→ **Stored data entries**:
══════════════════════════════
Lemma glue_compact X Y a b c (compat : glue_compatible X Y a b c) :
  compact_space X -> compact_space Y -> compact_space (glue_space X Y a b c compat).
Proof.
  intros CX CY u. pose proof compat as [Ha [Hb _]].
  destruct (classic (forall N, exists n, (N <= n)%nat /\ exists x, u n = inl x)) as [HL|HL].
  - exact (has_convergent_subseq_of_scaled_copy X (glue_space X Y a b c compat)
             inl a Ha (fun p q => eq_refl) CX u HL).
  - apply (has_convergent_subseq_of_scaled_copy Y (glue_space X Y a b c compat)
             inr b Hb (fun p q => eq_refl) CY u).
    apply not_all_ex_not in HL as [N0 HN0].
    intros N. exists (Nat.max N N0). split; [lia|].
    destruct (u (Nat.max N N0)) as [x|y] eqn:E; [|eauto].
    exfalso. apply HN0. exists (Nat.max N N0). split; [lia|eauto].
Qed.

Definition glue_cms (X Y : CMS) a b c (compat : glue_compatible X Y a b c) (x0 : X) : CMS :=
  {| cms_space := glue_space X Y a b c compat; cms_inhabited := inhabits (inl x0);
     cms_compact := glue_compact X Y a b c compat (cms_compact X) (cms_compact Y) |}.

Lemma isometric_refl (X : MetricSpace) : isometric X X.
Proof. exists (fun x => x), (fun x => x). repeat split. Qed.

Lemma GH_admissible_sym (X Y : MetricSpace) s :
  GH_admissible X Y s -> GH_admissible Y X s.
Proof.
  intros [Z [f [g [Hf [Hg [H1 H2]]]]]].
  exists Z, g, f. repeat split; auto.
  - intros p Hp e He. destruct (H2 p Hp e He) as [q [Hq Hd]].
    exists q. rewrite mdist_sym. auto.
  - intros q Hq e He. destruct (H1 q Hq e He) as [p [Hp Hd]].
    exists p. rewrite mdist_sym. auto.
Qed.

Lemma GH_admissible_nonneg (X Y : MetricSpace) s :
  inhabited X -> GH_admissible X Y s -> 0 <= s.
Proof.
  intros [x0] [Z [f [g [_ [_ [H1 _]]]]]].
  apply Rle_plus_epsilon. intros e He.
  destruct (H1 (f x0) (ex_intro _ x0 eq_refl) e He) as [z [_ Hz]].
  pose proof (mdist_nonneg Z (f x0) z). lra.
Qed.

Lemma GH_dist_exists_le (X Y : MetricSpace) s :
  inhabited X -> GH_admissible X Y s -> exists d, is_GH_dist X Y d /\ d <= s.
Proof.
  intros HX Hs.
  pose (lower m := forall s', GH_admissible X Y s' -> m <= s').
  destruct (completeness lower) as [l [Hub Hl]].
  - exists s. intros m Hm. now apply Hm.
  - exists 0. intros s' H. eapply GH_admissible_nonneg; eauto.
  - exists l. split; [split|].
    + intros s' Hs'. apply Hl. intros m Hm. now apply Hm.
    + exact Hub.
    + apply Hl. intros m Hm. now apply Hm.
Qed.

Lemma GH_dist_lt_of_admissible (X Y : CMS) s eps :
  GH_admissible X Y s -> s < eps -> exists d, is_GH_dist X Y d /\ d < eps.
Proof.
  intros Hs Hlt.
  destruct (GH_dist_exists_le X Y s (cms_inhabited X) Hs) as [d [Hd Hds]].
  exists d. split; [exact Hd|lra].
Qed.

Lemma GH_admissible_of_embedding (X W : MetricSpace) (f : X -> W) s :
  isometric_embedding f -> 0 <= s -> (forall w, exists x, mdist (f x) w <= s) ->
  GH_admissible X W s.
Proof.
  intros Hf Hs Hw. exists W, f, (fun w => w). repeat split; [exact Hf| |].
  - intros p [x ->] e He. exists (f x). split; [eauto|]. rewrite mdist_refl. lra.
  - intros w [w' ->] e He. destruct (Hw w') as [x Hx]. exists (f x). split; [eauto|lra].
Qed.

(* Glue M1 and M2 along [c p q := s + d(p, k q)]; the hypothesis that [h] expands
   distances by at most [s] is exactly what the triangle inequalities need. *)
Lemma GH_admissible_of_expanding_bijection (M1 M2 : MetricSpace)
    (h : M1 -> M2) (k : M2 -> M1) s :
  (forall p, k (h p) = p) -> (forall q, h (k q) = q) -> 0 < s ->
  (forall p q, mdist p q <= mdist (h p) (h q) <= mdist p q + s) ->
  GH_admissible M1 M2 s.
Proof.
  intros hk kh Hs Hh.
  assert (compat : glue_compatible M1 M2 1 1 (fun p q => s + mdist p (k q))).
  { repeat split; try lra.
    - intros p q. pose proof (mdist_nonneg _ p (k q)). lra.
    - intros p p' q. pose proof (mdist_tri _ p p' (k q)). lra.
    - intros p q q'. pose proof (mdist_tri _ p (k q') (k q)).
      destruct (Hh (k q') (k q)) as [Hexp _]. rewrite !kh, (mdist_sym M2 q' q) in Hexp.
      lra.
    - intros p p' q. pose proof (mdist_tri _ p (k q) p') as T.
      rewrite (mdist_sym _ (k q) p') in T. lra.
    - intros p q q'. destruct (Hh (k q) (k q')) as [_ Hexp]. rewrite !kh in Hexp.
      pose proof (mdist_tri _ (k q) p (k q')) as T.
      rewrite (mdist_sym _ (k q) p) in T. lra. }
  exists (glue_space M1 M2 1 1 _ compat), inl, inr.
  repeat split; try (intros p q; simpl; ring).
  - intros z [p ->] e He. exists (inr (h p)). split; [eauto|]. simpl.
    rewrite hk, mdist_refl. lra.
  - intros z [q ->] e He. exists (inl (k q)). split; [eauto|]. simpl.
    rewrite mdist_refl. lra.
Qed.

Lemma GH_dist_self_lt (X : CMS) eps : 0 < eps -> exists d, is_GH_dist X X d /\ d < eps.
Proof.
  intros He. apply (GH_dist_lt_of_admissible X X (eps / 2)); [|lra].
  apply (GH_admissible_of_embedding X X (fun x => x)); [now intros p q|lra|].
  intros w. exists w. rewrite mdist_refl. lra.
Qed.

Definition GH_continuous_at (gamma : R -> CMS) (t : R) : Prop :=
  forall eps, 0 < eps -> exists delta, 0 < delta /\
    forall s, 0 <= s <= 1 -> Rabs (s - t) < delta ->
      exists d, is_GH_dist (gamma s) (gamma t) d /\ d < eps.

Lemma GH_path_of_isometric (S : CMS -> Prop) (X Y : CMS) :
  S X -> isometric X Y -> GH_path S X Y.
Proof.
  intros HS Hiso. exists (fun _ => X). repeat split; auto using isometric_refl.
  intros t _ eps He. exists 1. split; [lra|]. intros. now apply GH_dist_self_lt.
Qed.

(** * Distance to the one-point space *)

Definition is_diameter (W : MetricSpace) (D : R) : Prop :=
  (forall p q : W, mdist p q <= D) /\
  (forall e, 0 < e -> exists p q : W, D - e < mdist p q).

Lemma GH_admissible_point_diam_le (W : MetricSpace) s :
  GH_admissible Delta1 W s -> forall p q : W, mdist p q <= 2 * s.
Proof.
  intros [Z [f [g [Hf [Hg [_ H2]]]]]] p q.
  apply Rle_plus_epsilon. intros e He.
  destruct (H2 (g p) (ex_intro _ p eq_refl) (e/2) ltac:(lra)) as [z [[[] ->] Hp]].
  destruct (H2 (g q) (ex_intro _ q eq_refl) (e/2) ltac:(lra)) as [z [[[] ->] Hq]].
  rewrite <- (Hg p q).
  pose proof (mdist_tri Z (g p) (f tt) (g q)).
  rewrite (mdist_sym Z (g p) (f tt)) in *. lra.
Qed.
(* Let $\beta_\bullet\in\{\beta,\beta_v\}$, with $\rightsquigarrow_U$ the unbiased iteration of surface reduction and $\rightsquigarrow_{pd}$ its parallel version (as in the context). Then: 1. if $M\rightsquigarrow_{pd}N$ then $M\rightsquigarrow_U^*N$; consequently $M\rightsquigarrow_{pd}^*N$ implies $M\rightsquigarrow_U^*N$; 2. if $M\rightsquigarrow_U^*N$ then there exists $N'$ such that $M\rightsquigarrow_{pd}^*N'$ and $N\rightsquigarrow_U^*N'$.
   Context: Terms $\Lambda_{\mathcal O}$: $M::=x\mid\lambda x.M\mid MM\mid\mathsf{op}(M,\dots,M)$ with $\mathsf{op}$ in a (possibly empty) set $\mathcal O$ of operator symbols with fixed arities; values $V::=x\mid\lambda x.M$. Rules $(\lambda x.M)N\mapsto_\beta M\{N/x\}$, $(\lambda x.M)V\mapsto_{\beta_v}M\{V/x\}$; $\to=\to_{\beta_\bullet}$ is the closure under all contexts. Surface reduction $\to_s$: for $\beta$, closure of $\beta$ under head contexts $H::=[\,]\mid\lambda x.H\mid HM$; for $\beta_v$, closure of $\beta_v$ under weak contexts $W::=[\,]\mid WM\mid MW$. $\rightsquigarrow_U$: if $M\to_sM'$ then $M\rightsquigarrow_UM'$; if $M$ is $\to_s$-normal: $\lambda x.P\rightsquigarrow_U\lambda x.P'$ if $P\rightsquigarrow_UP'$; $PQ\rightsquigarrow_UP'Q$ if $P\rightsquigarrow_UP'$; $PQ\rightsquigarrow_UPQ'$ if $Q\rightsquigarrow_UQ'$; $\mathsf{op}(\dots,P_i,\dots)\rightsquigarrow_U\mathsf{op}(\dots,P_i',\dots)$ if $P_i\rightsquigarrow_UP_i'$. Parallel reduction $\rightsquigarrow_{pd}$: (1) if $M\to_sM'$ then $M\rightsquigarrow_{pd}M'$; (2) if $M$ is $\to$-normal then $M\rightsquigarrow_{pd}M$; (3) otherwise (M is $\to_s$-normal but not $\to$-normal): $\lambda x.P\rightsquigarrow_{pd}\lambda x.P'$ if $P\rightsquigarrow_{pd}P'$; $P_1P_2\rightsquigarrow_{pd}P_1'P_2'$ if $P_1\rightsquigarrow_{pd}P_1'$ and $P_2\rightsquigarrow_{pd}P_2'$; $\mathsf{op}(P_1,\dots,P_k)\rightsquigarrow_{pd}\mathsf{op}(P_1',\dots,P_k')$ if $P_i\rightsquigarrow_{pd}P_i'$ for all $1\le i\le k$. *)

From Stdlib Require Import List Arith Relations.
Import ListNotations.
Set Implicit Arguments.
══════════════════════════════
→ **What you have to do**:
When the line with "GH_admissible Delta1 W" is reached in the data above, begin copying, and stop after the line with "with $\rightsquigarrow_U$ the"; copy each line exactly, both ends included.

→ **Written response**:
  GH_admissible Delta1 W s -> forall p q : W, mdist p q <= 2 * s.
Proof.
  intros [Z [f [g [Hf [Hg [_ H2]]]]]] p q.
  apply Rle_plus_epsilon. intros e He.
  destruct (H2 (g p) (ex_intro _ p eq_refl) (e/2) ltac:(lra)) as [z [[[] ->] Hp]].
  destruct (H2 (g q) (ex_intro _ q eq_refl) (e/2) ltac:(lra)) as [z [[[] ->] Hq]].
  rewrite <- (Hg p q).
  pose proof (mdist_tri Z (g p) (f tt) (g q)).
  rewrite (mdist_sym Z (g p) (f tt)) in *. lra.
Qed.
(* Let $\beta_\bullet\in\{\beta,\beta_v\}$, with $\rightsquigarrow_U$ the unbiased iteration of surface reduction and $\rightsquigarrow_{pd}$ its parallel version (as in the context). Then: 1. if $M\rightsquigarrow_{pd}N$ then $M\rightsquigarrow_U^*N$; consequently $M\rightsquigarrow_{pd}^*N$ implies $M\rightsquigarrow_U^*N$; 2. if $M\rightsquigarrow_U^*N$ then there exists $N'$ such that $M\rightsquigarrow_{pd}^*N'$ and $N\rightsquigarrow_U^*N'$.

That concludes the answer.